- PROBLEM DETAILS
Copy out each line of the entries below in which the string "exact" appears.

- RECORDS SUPPLIED
Lemma time_change_derive :
  is_derive_on_I01 time_change (fun t => (H 1 - H 0) * gamma (time_change t)).
Proof.
  intros t It. pose proof H_0_1. apply filterlim_locally. intros e.
  assert (HeL : 0 < e / (H 1 - H 0)) by (apply Rdiv_lt_0_compat; [apply cond_pos | lra]).
  destruct (proj1 (filterlim_locally _ _) (gamma_cont _ (time_change_I01 t It)) (mkposreal _ HeL))
    as [d Hgamma].
  generalize (proj1 (filterlim_locally _ _) (time_change_cont t It) d). unfold within.
  apply filter_imp. intros u Hu [Iu Hne].
  specialize (Hu Iu). change (Rabs (time_change u - time_change t) < d) in Hu.
  destruct (time_change_diff_quotient t u It Iu Hne) as [c [Ic [Hc Hq]]].
  assert (Hgc : Rabs (gamma c - gamma (time_change t)) < e / (H 1 - H 0)).
  { apply (Hgamma c); [change (Rabs (c - time_change t) < d); lra | exact Ic]. }
  change (Rabs ((time_change u - time_change t) / (u - t)
                - (H 1 - H 0) * gamma (time_change t)) < e).
  rewrite Hq, <- Rmult_minus_distr_l, Rabs_mult, Rabs_right by lra.
  apply Rmult_lt_compat_l with (r := H 1 - H 0) in Hgc; [|lra].
  replace ((H 1 - H 0) * (e / (H 1 - H 0))) with (pos e) in Hgc by (field; lra).
  exact Hgc.
Qed.

Lemma time_change_C1 :
  C1_closed01 time_change (fun t => (H 1 - H 0) * gamma (time_change t)).
Proof.
  split; [exact time_change_derive|].
  apply (cont_on_I01_continuous_comp (fun y => (H 1 - H 0) * y)).
  - intros x. apply (ex_derive_continuous (K := R_AbsRing) (V := R_NormedModule)).
    auto_derive. exact I.
  - exact (cont_on_I01_comp _ _ gamma_cont time_change_cont time_change_I01).
Qed.

End TimeChange.

Lemma C1_open01_inv_continuous (gamma : R -> R) : C1_open01 gamma ->
  (forall t, J01 t -> 0 < gamma t) -> forall t, J01 t -> continuous (fun t => / gamma t) t.
Proof.
  intros gamma_C1 gamma_pos t Jt. apply continuous_Rinv_comp.
  - exact (ex_derive_continuous gamma t (proj1 (gamma_C1 t Jt))).
  - exact (Rgt_not_eq _ _ (gamma_pos t Jt)).
Qed.

Theorem lemma4p1 (eps : R) (gamma : R -> R) :
  0 < eps ->
  cont_on_I01 gamma ->
  C1_open01 gamma ->
  gamma 0 = 0 -> gamma 1 = 0 ->
  (forall t, J01 t -> 0 < gamma t) ->
  (* the improper integral of 1/gamma over (0,1) is finite *)
  ex_RInt_gen (fun t => / gamma t) (at_right 0) (at_left 1) ->
  (* gamma' * gamma has a continuous extension to [0,1] *)
  has_cont_ext_I01 (fun t => Derive gamma t * gamma t) ->
  exists theta dtheta : R -> R,
    C1_closed01 theta dtheta /\
    (forall s t, I01 s -> I01 t -> s < t -> theta s < theta t) /\
    (forall t, I01 t -> I01 (theta t)) /\
    (forall y, I01 y -> exists t, I01 t /\ theta t = y) /\
    has_cont_ext_I01
      (fun t => (Derive gamma (theta t) - eps / gamma (theta t)) * dtheta t).
Proof.
  intros _ gamma_cont gamma_C1 _ _ gamma_pos [l gamma_int] [g [g_cont g_eq]].
  destruct (improper_primitive_continuous_ext _ l
              (C1_open01_inv_continuous gamma gamma_C1 gamma_pos) gamma_int) as [H [H_cont H_der]].
  pose proof (strict_incr_of_pos_derive H _ H_cont H_der
                (fun t Jt => Rinv_0_lt_compat _ (gamma_pos t Jt))) as H_incr.
  set (L := H 1 - H 0).
  exists (time_change H), (fun t => L * gamma (time_change H t)).
  refine (conj (time_change_C1 H H_cont H_incr gamma gamma_cont gamma_pos H_der)
            (conj (time_change_lt H H_cont H_incr)
               (conj (time_change_I01 H H_cont H_incr)
                  (conj (time_change_onto H H_cont H_incr) _)))).
  exists (fun t => L * g (time_change H t) - L * eps). split.
  - apply (cont_on_I01_continuous_comp (fun y => L * y - L * eps)).
    + intros x. apply (ex_derive_continuous (K := R_AbsRing) (V := R_NormedModule)).
      auto_derive. exact I.
    + exact (cont_on_I01_comp _ _ g_cont (time_change_cont H H_cont H_incr)
               (time_change_I01 H H_cont H_incr)).
  - intros t Jt. pose proof (time_change_J01 H H_cont H_incr t Jt) as Jtheta.
    rewrite (g_eq _ Jtheta). pose proof (gamma_pos _ Jtheta). field. lra.
Qed.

- WRITTEN RESPONSE
  { apply (Hgamma c); [change (Rabs (c - time_change t) < d); lra | exact Ic]. }
  exact Hgc.
  split; [exact time_change_derive|].
    auto_derive. exact I.
  - exact (cont_on_I01_comp _ _ gamma_cont time_change_cont time_change_I01).
  - exact (ex_derive_continuous gamma t (proj1 (gamma_C1 t Jt))).
  - exact (Rgt_not_eq _ _ (gamma_pos t Jt)).
      auto_derive. exact I.
    + exact (cont_on_I01_comp _ _ g_cont (time_change_cont H H_cont H_incr)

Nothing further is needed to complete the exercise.